[Opening Data for this task section]
(* Let $k\ge2$ be an integer and $p$ an odd prime not dividing $k$. Let $$F(t)={}_{k-1}F_{k-2}\left(\tfrac1k,\tfrac2k,\ldots,\tfrac{k-1}{k};1,1,\ldots,1\,\middle|\,t\right)=\sum_{n\ge0}\frac{(\frac1k)_n(\frac2k)_n\cdots(\frac{k-1}{k})_n}{(n!)^{k-1}}t^n .$$ Then $F(t)\in\mathbb{Z}_p[[t]]$ and for all integers $s\ge1$, $$\frac{F(t)}{F(t^p)}\equiv \frac{F_{p^s}(t)}{F_{p^{s-1}}(t^p)}\pmod{p^s},$$ as power series in $\mathbb{Z}_p[[t]]$ (coefficientwise).
   Context: $(a)_n=a(a+1)\cdots(a+n-1)$ denotes the Pochhammer symbol; there are $k-1$ upper parameters $\frac1k,\dots,\frac{k-1}k$ and $k-2$ lower parameters all equal to $1$. For a power series $G(t)$ and an integer $m\ge1$, $G_m(t)$ denotes its truncation: all terms of degree $\ge m$ are deleted; $G_m(t^p)$ denotes this truncation with $t$ replaced by $t^p$. *)

From mathcomp Require Import all_boot all_algebra.
Set Implicit Arguments. Unset Strict Implicit. Unset Printing Implicit Defensive.
Import GRing.Theory Num.Theory.
Local Open Scope ring_scope.

Definition series := nat -> rat.

Definition pochhammer (a : rat) (n : nat) : rat := \prod_(i < n) (a + i%:R).

Definition hypF (k : nat) : series := fun n =>
  (\prod_(1 <= j < k) pochhammer (j%:R / k%:R) n) / (n`!%:R) ^+ (k - 1).

Definition smul (f g : series) : series :=
  fun n => \sum_(i < n.+1) f i * g (n - i)%N.

(* G_m(t): delete all terms of degree >= m. *)
Definition strunc (m : nat) (f : series) : series :=
  fun n => if (n < m)%N then f n else 0.

Definition subst_pow (p : nat) (f : series) : series :=
  fun n => if (p %| n)%N then f (n %/ p)%N else 0.

(* First n+1 coefficients of the multiplicative inverse of f (f 0 <> 0). *)
Fixpoint inv_seq (f : series) (n : nat) : seq rat :=
  match n with
  | 0 => [:: (f 0%N)^-1]
  | n'.+1 => let s := inv_seq f n' in
      rcons s (- (\sum_(i < n'.+1) f i.+1 * nth 0 s (n' - i)%N) / f 0%N)
  end.

Definition sinv (f : series) : series := fun n => nth 0 (inv_seq f n) n.

Definition sdiv (f g : series) : series := smul f (sinv g).

Definition p_integral (p : nat) (x : rat) : bool := ~~ (p %| `|denq x|)%N.

Definition congr_mod_pow (p s : nat) (x y : rat) : bool :=
  p_integral p ((x - y) / (p ^ s)%N%:R).

(* Dwork's method.  Here hypF k n = (kn)! / (k^(kn) (n!)^k), and Legendre's splitting
   m! = p^(m div p) (m div p)! * (product of the p-free integers <= m) turns the last
   base-p digit into a factorization A (b + p n) = A n * R_b n for A := hypF k and b < p.
   Products of the p-free integers over any p^e consecutive integers agree mod p^e, and
   Euler's theorem controls the powers of k, so R_b (n + m p^e) = R_b n mod p^(e+1).
   Dwork's congruence lemma then shows, by induction on s, that
     sum_(i + j = N) A i A j ([j < p^(s-1)] - [i < p^(s-1)]) X i Y j = 0 mod p^s
   for all such X and Y.  The coefficient of t^N in F(t) F_(p^(s-1))(t^p) - F(t^p) F_(p^s)(t)
   is this sum at N div p with X = R_(N mod p) and Y = 1, and dividing by F(t^p) and
   F_(p^(s-1))(t^p), which are 1 + O(t) with p-integral coefficients, keeps the congruence. *)

From mathcomp Require Import all_boot all_algebra cyclic.
From mathcomp Require Import zify ring.
Set Implicit Arguments. Unset Strict Implicit. Unset Printing Implicit Defensive.
Import GRing.Theory Num.Theory.
Local Open Scope ring_scope.

Section PIntegral.

Variable p : nat.
Hypothesis p_pr : prime p.

Lemma natr_ndvd_neq0 b : ~~ (p %| b)%N -> (b%:R : rat) != 0.
Proof. by rewrite pnatr_eq0; apply: contraNneq => ->. Qed.

Lemma p_integralP x :
  reflect (exists a : int, exists2 b : nat, ~~ (p %| b)%N & x = a%:~R / b%:R)
          (p_integral p x).
Proof.
apply: (iffP idP) => [pd | [a [b pb ->]]].
  exists (numq x), `|denq x|%N => //.
  by rewrite -[in LHS](divq_num_den x) -[denq x]gez0_abs ?ltW ?denq_gt0.
set y : rat := a%:~R / b%:R.
have /(congr1 absz) : numq y * b%:Z = a * denq y.
  apply/eqP; rewrite -(eqr_int rat) !rmorphM /= numqE /y.
  by rewrite mulrAC -[b%:~R]/(b%:R : rat) divfK ?natr_ndvd_neq0.
rewrite !abszM /= => yb.
have : (`|denq y| %| `|numq y| * b)%N by rewrite yb dvdn_mull.
rewrite Gauss_dvdr 1?coprime_sym ?coprime_num_den // => den_b.
by apply: contra pb => /dvdn_trans; apply.
Qed.

Lemma p_integral_int (a : int) : p_integral p a%:~R.
Proof.
apply/p_integralP; exists a, 1%N; last by rewrite divr1.
by rewrite dvdn1 neq_ltn prime_gt1 ?orbT.
Qed.

Lemma p_integral_nat n : p_integral p n%:R.
Proof. exact: (p_integral_int n). Qed.

Lemma p_integral0 : p_integral p 0. Proof. exact: (p_integral_nat 0). Qed.
Lemma p_integral1 : p_integral p 1. Proof. exact: (p_integral_nat 1). Qed.

Lemma p_integral_divn x b : ~~ (p %| b)%N -> p_integral p x -> p_integral p (x / b%:R).
Proof.
move=> pb /p_integralP[a [c pc ->]]; apply/p_integralP; exists a, (c * b)%N.
  by rewrite Euclid_dvdM // negb_or pc.
by rewrite natrM invfM mulrA.
Qed.

Lemma p_integralM x y : p_integral p x -> p_integral p y -> p_integral p (x * y).
Proof.
move=> /p_integralP[a [b pb ->]] /p_integralP[c [d pd ->]].
apply/p_integralP; exists (a * c), (b * d)%N.
  by rewrite Euclid_dvdM // negb_or pb.
by rewrite natrM invfM rmorphM /=; ring.
Qed.

Lemma p_integralD x y : p_integral p x -> p_integral p y -> p_integral p (x + y).
Proof.
move=> /p_integralP[a [b pb ->]] /p_integralP[c [d pd ->]].
apply/p_integralP; exists (a * d%:Z + c * b%:Z), (b * d)%N.
  by rewrite Euclid_dvdM // negb_or pb.
have := natr_ndvd_neq0 pb; have := natr_ndvd_neq0 pd => d0 b0.
by rewrite natrM rmorphD !rmorphM /= !pmulrn; field; rewrite d0 b0.
Qed.

Lemma p_integralN x : p_integral p x -> p_integral p (- x).
Proof.
by move=> /p_integralP[a [b pb ->]]; apply/p_integralP; exists (- a), b; rewrite ?mulrNz ?mulNr.
Qed.

Lemma p_integralB x y : p_integral p x -> p_integral p y -> p_integral p (x - y).
Proof. by move=> px py; apply: p_integralD => //; apply: p_integralN. Qed.

Lemma p_integral_sum I (r : seq I) (P : pred I) (F : I -> rat) :
  (forall i, P i -> p_integral p (F i)) -> p_integral p (\sum_(i <- r | P i) F i).
Proof.
by move=> pF; apply: (big_ind (p_integral p)) => //; [apply: p_integral0 | apply: p_integralD].
Qed.

Lemma p_integral_prod I (r : seq I) (P : pred I) (F : I -> rat) :
  (forall i, P i -> p_integral p (F i)) -> p_integral p (\prod_(i <- r | P i) F i).
Proof.
by move=> pF; apply: (big_ind (p_integral p)) => //; [apply: p_integral1 | apply: p_integralM].
Qed.

Lemma p_integralX x n : p_integral p x -> p_integral p (x ^+ n).
Proof. by move=> px; rewrite -(subn0 n) -prodr_const_nat; apply: p_integral_prod. Qed.

End PIntegral.

Section Congruences.

Variable p : nat.
Hypothesis p_pr : prime p.

Definition p_multiple (e : nat) (x : rat) : bool := p_integral p (x / (p ^ e)%N%:R).

Lemma natr_pexp_neq0 e : ((p ^ e)%N%:R : rat) != 0.
Proof. by rewrite pnatr_eq0 -lt0n expn_gt0 prime_gt0. Qed.

Lemma p_multiple_exp0 x : p_multiple 0 x = p_integral p x.
Proof. by rewrite /p_multiple expn0 divr1. Qed.

Lemma p_multiple0 e : p_multiple e 0.
Proof. by rewrite /p_multiple mul0r; apply: p_integral0. Qed.

Lemma p_multipleD e x y : p_multiple e x -> p_multiple e y -> p_multiple e (x + y).
Proof. by rewrite /p_multiple mulrDl; apply: p_integralD. Qed.

Lemma p_multipleN e x : p_multiple e x -> p_multiple e (- x).
Proof. by rewrite /p_multiple mulNr; apply: p_integralN. Qed.

Lemma p_multiple_sum e I (r : seq I) (P : pred I) (F : I -> rat) :
  (forall i, P i -> p_multiple e (F i)) -> p_multiple e (\sum_(i <- r | P i) F i).
Proof.
by move=> pF; apply: (big_ind (p_multiple e)) => //; [apply: p_multiple0 | apply: p_multipleD].
Qed.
[Closing Data for this task section]
## [Exercise]
Across the data, find each line that has "hypF" in it and copy that line.

## [Answer]
Definition hypF (k : nat) : series := fun n =>
(* Dwork's method.  Here hypF k n = (kn)! / (k^(kn) (n!)^k), and Legendre's splitting
   base-p digit into a factorization A (b + p n) = A n * R_b n for A := hypF k and b < p.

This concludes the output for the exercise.